▶ What this task involves: Read the records below and report each line in which "leftE" occurs.

▶ Records supplied:
Start of Block
(* Let $p$ be an odd prime, $n$ a positive integer, and let $f$ be the function on $\mathbb{F}_{p^n}$ defined by $f(0)=1$, $f(1)=0$ and $f(x)=x^{-1}$ for $x\notin\{0,1\}$. Then $\nabla_f=4$ if $p=29$ or $p=37$, and $\nabla_f\le 3$ otherwise. Furthermore, for $a,b\in\mathbb{F}_{p^n}$, $\nabla_f(a,b)=4$ if and only if one of the following holds: (1) $p=29$ and $(a,b)=(\pm2,\pm12)$ or $(a,b)=(\pm12,\pm2)$; (2) $p=37$ and $(a,b)=(\pm2,\pm6)$ or $(a,b)=(\pm6,\pm2)$.
   Context: For $a,b\in\mathbb{F}_{p^n}$, $\nabla_f(a,b)$ is the number of $x\in\mathbb{F}_{p^n}$ with $f(x+a+b)-f(x+a)-f(x+b)+f(x)=0$. For odd $p$ the second-order zero differential uniformity is $\nabla_f=\max\{\nabla_f(a,b): a,b\in\mathbb{F}_{p^n}\setminus\{0\}\}$. The function $f$ is $Inv\circ(0,1)$ with $Inv(x)=x^{p^n-2}$ and $(0,1)$ the transposition swapping $0$ and $1$. Integers such as $\pm2,\pm6,\pm12$ denote the corresponding elements of the prime field $\mathbb{F}_p\subseteq\mathbb{F}_{p^n}$. *)

From HB Require Import structures.
From mathcomp Require Import all_boot all_order all_algebra.
Set Implicit Arguments. Unset Strict Implicit. Unset Printing Implicit Defensive.
Import GRing.Theory.
Local Open Scope ring_scope.

Definition finv01 (F : finFieldType) (x : F) : F :=
  if x == 0 then 1 else if x == 1 then 0 else x^-1.

Definition nabla (F : finFieldType) (f : F -> F) (a b : F) : nat :=
  #|[set x : F | f (x + a + b) - f (x + a) - f (x + b) + f x == 0%R]|.

Definition nablaU (F : finFieldType) (f : F -> F) : nat :=
  \max_(a : F | a != 0%R) \max_(b : F | b != 0%R) nabla f a b.

Definition pm (F : finFieldType) (c : nat) (x : F) : Prop :=
  x = c%:R \/ x = - c%:R.

From HB Require Import structures.
From mathcomp Require Import all_boot all_order all_algebra.
From mathcomp Require Import ring zify finfield.
Set Implicit Arguments. Unset Strict Implicit. Unset Printing Implicit Defensive.
Import GRing.Theory.
Local Open Scope ring_scope.

(* For a, b <> 0 write S for the set of zeros of
   x |-> f (x + a + b) - f (x + a) - f (x + b) + f x and call {x, x + a, x + b, x + a + b}
   the square of x.  If the square avoids 0 and 1, clearing denominators in
   1/(x + a + b) - 1/(x + a) - 1/(x + b) + 1/x = 0 leaves a b (2 x + a + b) = 0, so there is
   at most one such zero.  If the square has 0 (resp. 1) as a vertex, translating that vertex
   to the origin turns the equation into a polynomial relation between the sides u = +-a,
   v = +-b, and the relations for two different sign patterns are incompatible, except that
   a vertex at 1 can occur for two adjacent patterns, which forces {a, b} = {+-2, k} with
   k^2 = -1.  A third zero with a vertex at 0 then pins the characteristic to 29 (k = +-12)
   or 37 (k = +-6).  A square through both 0 and 1 has sides satisfying one of three
   quadratic relations; comparing them with the previous ones leaves at most three zeros
   (in characteristic 3 with a, b = +-1 all zeros lie in the prime field instead).  Hence
   |S| <= 4, with equality only in the two exceptional cases, where four explicit zeros are
   exhibited. *)

Local Notation flip e u := ((-1) ^+ e * u).

Section Flips.
Variable R : comPzRingType.
Implicit Types (x c : R) (s t : bool).

Lemma flip_addb s s' x : flip s' x = flip (s (+) s') (flip s x).
Proof. by rewrite mulrA -signr_addb [s (+) s']addbC addbK. Qed.

Lemma flip_eq0 s x : (flip s x == 0) = (x == 0).
Proof. by rewrite mulr_sign; case: s; rewrite ?oppr_eq0. Qed.

Lemma flip_negb s x : flip (~~ s) x = - flip s x.
Proof. by rewrite signrN mulNr. Qed.

Lemma flip_sqr s x : (flip s x) ^+ 2 = x ^+ 2.
Proof. by rewrite exprMn sqrr_sign mul1r. Qed.

Lemma flip_pm s x c : flip s x = c \/ flip s x = - c <-> x = c \/ x = - c.
Proof.
rewrite mulr_sign; case: s => //=.
by split=> -[h|h]; [right; rewrite -h opprK | left; apply: oppr_inj | right; rewrite h
  | left; rewrite h opprK].
Qed.

End Flips.

Lemma addb_pair_eq (s t s' t' : bool) : (s (+) s', t (+) t') = (false, false) -> (s, t) = (s', t').
Proof. by case: s; case: s'; case: t; case: t'. Qed.

Lemma addb_pair_cancel (s t s1 t1 s2 t2 : bool) :
  (s (+) s1, t (+) t1) = (s (+) s2, t (+) t2) -> (s1, t1) = (s2, t2).
Proof. by case: s; case: t; case: s1; case: t1; case: s2; case: t2. Qed.

Lemma bool_pairs_compl (s1 t1 s2 t2 s3 t3 : bool) :
  (s1, t1) != (s2, t2) -> (s2, t2) != (s3, t3) -> (s3, t3) != (s1, t1) ->
  [\/ (s2, t2) = (~~ s1, ~~ t1), (s3, t3) = (~~ s2, ~~ t2) | (s1, t1) = (~~ s3, ~~ t3)].
Proof.
by case: s1; case: t1; case: s2; case: t2; case: s3; case: t3 => //= *;
  first [by constructor 1 | by constructor 2 | by constructor 3].
Qed.

Lemma bool_pairs_adj (s1 t1 s2 t2 : bool) : (s1, t1) != (s2, t2) -> (s2, t2) != (~~ s1, ~~ t1) ->
  (s2, t2) = (~~ s1, t1) \/ (s2, t2) = (s1, ~~ t1).
Proof. by case: s1; case: t1; case: s2; case: t2 => //= *; first [by left | by right]. Qed.

(** * Polynomial relations between the sides of a vanishing square *)

(* The coefficients [c_i] certify that [X - Y] lies in the ideal generated by the
   [A_i - B_i]; [ring] checks the resulting identity. *)
Section LinearCombination.
Variable R : comPzRingType.

Lemma eq_lincomb1 (c1 A1 B1 X Y : R) : A1 = B1 -> X - Y = c1 * (A1 - B1) -> X = Y.
Proof. by move=> -> /eqP; rewrite subrr mulr0 subr_eq0 => /eqP. Qed.

Lemma eq_lincomb2 (c1 c2 A1 B1 A2 B2 X Y : R) : A1 = B1 -> A2 = B2 ->
  X - Y = c1 * (A1 - B1) + c2 * (A2 - B2) -> X = Y.
Proof. by move=> -> -> /eqP; rewrite !subrr !mulr0 addr0 subr_eq0 => /eqP. Qed.

End LinearCombination.

Arguments eq_lincomb1 {R} c1 {A1 B1 X Y}.
Arguments eq_lincomb2 {R} c1 c2 {A1 B1 A2 B2 X Y}.

Lemma coprime_natf_eq0 (F : fieldType) m n :
  coprime m n -> m%:R = 0 :> F -> n%:R <> 0 :> F.
Proof.
have [-> | m_gt0] := posnP m.
  by rewrite /coprime gcd0n => /eqP -> _ /eqP; rewrite oner_eq0.
move=> co_mn /eqP m0 /eqP n0; have [p charFp] := natf0_pchar m_gt0 m0.
have : (p %| gcdn m n)%N by rewrite dvdn_gcd !(dvdn_pcharf charFp) m0 n0.
by rewrite (eqP co_mn) dvdn1 => /eqP p1; move: (pcharf_prime charFp); rewrite p1.
Qed.

Section OddCharField.
Variable F : fieldType.
Hypothesis two_neq0 : (2 : F) != 0.

Lemma mul2_eq0 (x : F) : 2 * x = 0 -> x = 0.
Proof. by move/eqP; rewrite mulf_eq0 (negbTE two_neq0) => /eqP. Qed.

Lemma oner_neqN1 : (1 : F) != -1.
Proof.
apply: contra two_neq0 => /eqP e.
by apply/eqP; apply: (eq_lincomb1 1 e); ring.
Qed.

(* Squares with vertices c, c + u, c + v, c + u + v on which the second difference of
   finv01 vanishes: [corner0] for c = 0 and 1 not a vertex (1 + 1/(u+v) = 1/u + 1/v with
   denominators cleared), [corner1] for c = 1 and 0 not a vertex
   (1/(1+u+v) = 1/(1+u) + 1/(1+v)), [corner01] for c = 0 and 1 a vertex, which is either
   adjacent to 0 (the side case u = 1 or v = 1) or opposite to it (the diagonal case). *)
Definition rel0 (u v : F) := u * v * (u + v + 1) - (u + v) ^+ 2.
Definition rel1 (u v : F) := u * v - (1 + u + v) ^+ 2.

Definition corner0 (u v : F) :=
  [/\ u != 1, v != 1, u + v != 1, u + v != 0 & rel0 u v = 0].
Definition corner1 (u v : F) := [/\ 1 + u != 0, 1 + v != 0, u + v != 0 & rel1 u v = 0].
Definition corner01 (u v : F) :=
  [\/ u = 1 /\ v ^+ 2 + v = 1, v = 1 /\ u ^+ 2 + u = 1 | u + v = 1 /\ u * v = 1].
Lemma qf_equiv_same_perm (A A' : finType) (p : pairT A) (q : pairT A') :
  is_pair p -> is_pair q -> #|A'| = #|A| ->
  (forall k, 1 <= k <= #|A'| -> perm_of p k = perm_of q k) ->
  qf_equiv (Qform p) (Qform q).
Proof.
move=> pp qp cardA same_perm.
have [q0_inj [q0_rng q0_onto]] := qp false.
have [p0_inj [p0_rng p0_onto]] := pp false.
have q0_hit a : exists a', q false a' == p false a.
  have [|a' ea] := q0_onto (p false a); first by rewrite cardA p0_rng.
  by exists a'; rewrite ea.
have p0_hit a' : exists a, p false a == q false a'.
  have [|a ea] := p0_onto (q false a'); first by rewrite -cardA q0_rng.
  by exists a; rewrite ea.
pose phi a := xchoose (q0_hit a); pose psi a' := xchoose (p0_hit a').
have phiE a : q false (phi a) = p false a by apply/eqP/(xchooseP (q0_hit a)).
have psiE a' : p false (psi a') = q false a' by apply/eqP/(xchooseP (p0_hit a')).
have phiE1 a : q true (phi a) = p true a.
  rewrite -(perm_ofE _ qp) phiE -same_perm ?perm_ofE // cardA; exact: p0_rng.
apply: (@qf_equiv_relabel _ _ p q phi psi).
- by move=> a; apply: p0_inj; rewrite psiE phiE.
- by move=> a'; apply: q0_inj; rewrite phiE psiE.
- by move=> a b _; rewrite !(LpE _ false) /= !phiE !phiE1.
Qed.

Definition distinct_ends (A : finType) (p : pairT A) : Prop :=
  forall a, ~ (p false a = 1 /\ p true a = 1) /\
            ~ (p false a = #|A| /\ p true a = #|A|).

Lemma distinct_endsP (A : finType) (p : pairT A) e :
  distinct_ends p <->
  forall a, ~ (p e a = 1 /\ p (~~ e) a = 1) /\
            ~ (p e a = #|A| /\ p (~~ e) a = #|A|).
Proof. by case: e => //=; split=> ends a; have := ends a; tauto. Qed.

Lemma irreducible_distinct_ends (A : finType) (p : pairT A) :
  1 < #|A| -> is_pair p -> irreducible p -> distinct_ends p.
Proof.
move=> n_gt1 pp irr a; have [_ [rng0 _]] := pp false.
have [_ [rng1 _]] := pp true.
have same_prefix k : 1 <= k < #|A| ->
    (forall b, (p false b <= k) = (p true b <= k)) -> False.
  move=> k_rng same; have := irr k k_rng; apply/negP; rewrite negbK.
  by apply/eqP/setP => b; rewrite !inE same.
split=> -[a0 a1].
- apply: (same_prefix 1); first lia.
  move=> b; have [->|ba] := eqVneq b a; first by rewrite a0 a1.
  have := pair_neq false pp ba; have := pair_neq true pp ba.
  by rewrite a0 a1; have := rng0 b; have := rng1 b; lia.
- apply: (same_prefix #|A|.-1); first lia.
  move=> b; have [->|ba] := eqVneq b a; first by rewrite a0 a1; lia.
  have := pair_neq false pp ba; have := pair_neq true pp ba.
  by rewrite a0 a1; have := rng0 b; have := rng1 b; lia.
Qed.
(* For all $s\ge1$, $\sum_{k=0}^{3}P_k(s)\,E(s+k,0)=0$, where $P_0(s)=2s^3+s^2-8s+5$, $P_1(s)=-26s^3-93s^2-82s-30$, $P_2(s)=-26s^3-141s^2-226s-81$, $P_3(s)=2s^3+17s^2+40s+16$.
   Context: A $p$-string of length $s$ is a correctly matched string of $s$ pairs of parentheses; there are $C_s=\frac{1}{s+1}\binom{2s}{s}$ of them. Given $p$-strings $U$ (upper), $W$ (lower) of length $s$, the meander graph $\Gamma^1_{2s-1}$ is obtained by marking points $0,1,\dots,2s$ on the $x$-axis, taking the segment $[0,2s]$, joining points $a,b$ by an upper semicircle for each matched pair of $U$ at positions $a<b$ (positions $1,\dots,2s$), and points $a-1,b-1$ by a lower semicircle for each matched pair of $W$ at positions $a<b$; the vertices are $1,\dots,2s-1$. A pierced circle at position $i$ ($1\le i\le2s-2$) is present if vertices $i,i+1$ are joined both by an upper and a lower semicircle. $E(s,0)$ is the number of pairs $(U,W)$ whose meander graph has no pierced circle; equivalently $E(s,0)=\sum_{m=0}^{s}(-1)^m\binom{2s-m-1}{m}C_{s-m}^2$. *)

From mathcomp Require Import all_boot all_order all_algebra.
Set Implicit Arguments. Unset Strict Implicit. Unset Printing Implicit Defensive.
Import GRing.Theory Num.Theory.

Definition catalan (s : nat) : nat := 'C(s.*2, s) %/ s.+1.

(* E(s,0) = sum_{m=0}^{s} (-1)^m binom(2s-m-1, m) C_{s-m}^2, as an integer.
   (Only used for s >= 1, where 2s-m-1 is never truncated for m <= s.) *)
Local Open Scope ring_scope.
Definition E0 (s : nat) : int :=
  \sum_(0 <= m < s.+1)
     (-1) ^+ m * ('C(s.*2 - m - 1, m))%:Z * ((catalan (s - m)) ^ 2)%:Z.

From mathcomp Require Import all_boot all_order all_algebra.
From mathcomp Require Import zify ring lra.
Import GRing.Theory Num.Theory.
Local Open Scope ring_scope.

(* Reversing the order of summation writes E(n,0) as the sum over i < n of the
   hypergeometric term t(n,i) = (-1)^(n+i+1) C(n+i,2i+1) C_(i+1)^2, which vanishes
   for i >= n.  Creative telescoping provides a certificate R(s,i), a rational
   multiple of t(s+3,i), with sum_k P_k(s) t(s+k,i) = R(s,i+1) - R(s,i); as the
   ratios t(n,i)/t(n+1,i) and t(n,i+1)/t(n,i) are rational, this is an identity
   of rational functions.  Summing over i < s+3 leaves R(s,s+3) - R(s,0) = 0. *)

Lemma catalan_mulS n : (catalan n * n.+1 = 'C(n.*2, n))%N.
Proof.
have binE : 'C(n.*2, n) = (n.+1 * ('C(n.*2, n) - 'C(n.*2, n.+1)))%N.
  rewrite mulnBr mulSn mul_bin_left (_ : n.*2 - n = n)%N; lia.
by rewrite /catalan {1}binE mulKn // mulnC -binE.
Qed.

Lemma central_binS n : (n.+1 * 'C(n.+1.*2, n.+1) = 2 * n.*2.+1 * 'C(n.*2, n))%N.
Proof.
have downE := mul_bin_down n.*2.+1 n.
rewrite /= (_ : n.*2.+1 - n = n.+1)%N in downE; last by lia.
by rewrite -mul_bin_diag doubleS /= -mulnA downE -!muln2; ring.
Qed.

Lemma catalanS n : (catalan n.+1 * n.+2 = 2 * n.*2.+1 * catalan n)%N.
Proof.
apply/eqP; rewrite -(eqn_pmul2r (ltn0Sn n)); apply/eqP.
by rewrite catalan_mulS [LHS]mulnC central_binS -!mulnA catalan_mulS.
Qed.

Section E0Term.
Variable F : realFieldType.

Definition E0_term (n i : nat) : F :=
  - (-1) ^+ (n + i) * 'C(n + i, i.*2.+1)%:R * (catalan i.+1)%:R ^+ 2.

Lemma E0_term_eq0 n i : (n <= i)%N -> E0_term n i = 0.
Proof. by move=> le_ni; rewrite /E0_term bin_small ?mulr0 ?mul0r //; lia. Qed.

Lemma E0_term_recn n i :
  E0_term n i = (i%:R - n%:R) / (n + i).+1%:R * E0_term n.+1 i.
Proof.
have [le_in | lt_ni] := leqP i n; last by rewrite !E0_term_eq0 ?mulr0 //; lia.
have downE := mul_bin_down (n + i).+1 i.*2.+1.
rewrite /= (_ : (n + i).+1 - i.*2.+1 = n - i)%N in downE; last by lia.
have binE : 'C(n + i, i.*2.+1)%:R
    = (n%:R - i%:R) / (n + i).+1%:R * 'C((n + i).+1, i.*2.+1)%:R :> F.
  by rewrite -natrB // -mulrA mulrCA -!natrM -downE natrM mulKf ?pnatr_eq0.
by rewrite /E0_term binE addSn (exprS _ (n + i)); ring.
Qed.

Lemma E0_term_reci n i :
  E0_term n i.+1 = 2 * (2 * i%:R + 3) * (n + i).+1%:R * (i%:R + 1 - n%:R)
                   / (i.+1%:R * i.+3%:R ^+ 2) * E0_term n i.
Proof.
have [lt_in | le_ni] := ltnP i n; last by rewrite !E0_term_eq0 ?mulr0 //; lia.
have diagE := mul_bin_diag (n + i).+1 i.*2.+1.
have leftE := mul_bin_left (n + i).+1 i.*2.+2.
rewrite /= in diagE; rewrite (_ : (n + i).+1 - i.*2.+2 = n - i.+1)%N in leftE; last by lia.
have binE : 'C((n + i).+1, i.*2.+3)%:R
    = (n%:R - i.+1%:R) * (n + i).+1%:R * 'C(n + i, i.*2.+1)%:R
      / (i.*2.+2%:R * i.*2.+3%:R) :> F.
  have nz : i.*2.+2%:R * i.*2.+3%:R != 0 :> F by rewrite -natrM pnatr_eq0.
  apply: (mulIf nz); rewrite divfK // -natrB // -!natrM; congr (_%:R).
  by rewrite -mulnA diagE [LHS]mulnC -mulnA leftE; ring.
have catE : (catalan i.+2)%:R = (2 * i.+1.*2.+1)%:R / i.+3%:R * (catalan i.+1)%:R :> F.
  by rewrite mulrAC -natrM -(catalanS i.+1) natrM mulfK ?pnatr_eq0.
rewrite /E0_term addnS doubleS (exprS _ (n + i)) binE catE -!muln2 !natrM.
have i_ge0 : 0 <= i%:R :> F := ler0n F i.
by field; rewrite !lt0r_neq0 //; lra.
Qed.

Lemma E0E n N : (0 < n)%N -> (n <= N)%N ->
  (E0 n)%:~R = \sum_(0 <= i < N) E0_term n i.
Proof.
move=> n_gt0 le_nN.
rewrite (big_cat_nat (leq0n n) le_nN) /= [X in _ + X]big_nat_cond.
rewrite [X in _ + X]big1 ?addr0; last first.
  by move=> i /andP[/andP[le_ni _] _]; rewrite E0_term_eq0.
rewrite /E0 rmorph_sum big_nat_recr //= bin_small ?mulr0 ?mul0r ?rmorph0 ?addr0; last by lia.
rewrite big_nat_rev /=; apply: eq_big_nat => i /andP[_ lt_in].
rewrite add0n (_ : n - (n - i.+1) = i.+1)%N; last by lia.
rewrite (_ : n.*2 - (n - i.+1) - 1 = n + i)%N; last by lia.
rewrite (_ : n - i.+1 = n + i - i.*2.+1)%N ?bin_sub; try lia.
have signE : (-1) ^+ (n + i) = - (-1) ^+ (n + i - i.*2.+1) :> F.
  rewrite -[in LHS](subnK (_ : i.*2.+1 <= n + i)%N); last by lia.
  by rewrite exprD -[X in _ * X]signr_odd /= odd_double mulrN1.
by rewrite /E0_term signE opprK !rmorphM /= rmorphXn rmorphN1 expr2.
Qed.

Definition P0 (x : F) : F := 2 * x ^+ 3 + x ^+ 2 - 8 * x + 5.
Definition P1 (x : F) : F := - 26 * x ^+ 3 - 93 * x ^+ 2 - 82 * x - 30.
Definition P2 (x : F) : F := - 26 * x ^+ 3 - 141 * x ^+ 2 - 226 * x - 81.
Definition P3 (x : F) : F := 2 * x ^+ 3 + 17 * x ^+ 2 + 40 * x + 16.

Definition wz_cert (s i : nat) : F :=
  - 2 * (2 * s%:R + 1) * (2 * s%:R + 3) * (2 * s%:R + 5) * i%:R * (i%:R + 2) ^+ 2
  / ((s + i).+1 * (s + i).+2 * (s + i).+3)%:R * E0_term s.+3 i.

Lemma E0_term_telescoping s i :
  P0 s%:R * E0_term s i + P1 s%:R * E0_term s.+1 i + P2 s%:R * E0_term s.+2 i
  + P3 s%:R * E0_term s.+3 i = wz_cert s i.+1 - wz_cert s i.
Proof.
rewrite /wz_cert E0_term_reci (E0_term_recn s) (E0_term_recn s.+1) (E0_term_recn s.+2).
have s_ge0 : 0 <= s%:R :> F := ler0n F s.
have i_ge0 : 0 <= i%:R :> F := ler0n F i.
by rewrite /P0 /P1 /P2 /P3; field; rewrite !lt0r_neq0 //; lra.
Qed.

Lemma E0_recurrence s : (0 < s)%N ->
  P0 s%:R * (E0 s)%:~R + P1 s%:R * (E0 s.+1)%:~R + P2 s%:R * (E0 s.+2)%:~R
  + P3 s%:R * (E0 s.+3)%:~R = 0.
Proof.
move=> s_gt0; rewrite !(E0E _ s.+3) //; try lia.
rewrite !mulr_sumr -!big_split /=.
rewrite (telescope_sumr_eq (wz_cert s) _ (leq0n _) (fun i _ => E0_term_telescoping s i)).
by rewrite /wz_cert E0_term_eq0 // !mulr0 !mul0r subr0.
Qed.

End E0Term.

Theorem lemma4p2 (s : nat) (hs : (1 <= s)%N) :
  let z : int := s%:Z in
  (2 * z ^+ 3 + z ^+ 2 - 8 * z + 5) * E0 s
  + (- 26 * z ^+ 3 - 93 * z ^+ 2 - 82 * z - 30) * E0 s.+1
  + (- 26 * z ^+ 3 - 141 * z ^+ 2 - 226 * z - 81) * E0 s.+2
  + (2 * z ^+ 3 + 17 * z ^+ 2 + 40 * z + 16) * E0 s.+3 = 0.
Proof.
move=> z; apply: (@intr_inj rat).
rewrite rmorph0 -[RHS](@E0_recurrence rat _ hs) /P0 /P1 /P2 /P3 /z.
ring.
Qed.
End of Block
▶ Written reply:
have leftE := mul_bin_left (n + i).+1 i.*2.+2.
rewrite /= in diagE; rewrite (_ : (n + i).+1 - i.*2.+2 = n - i.+1)%N in leftE; last by lia.
  by rewrite -mulnA diagE [LHS]mulnC -mulnA leftE; ring.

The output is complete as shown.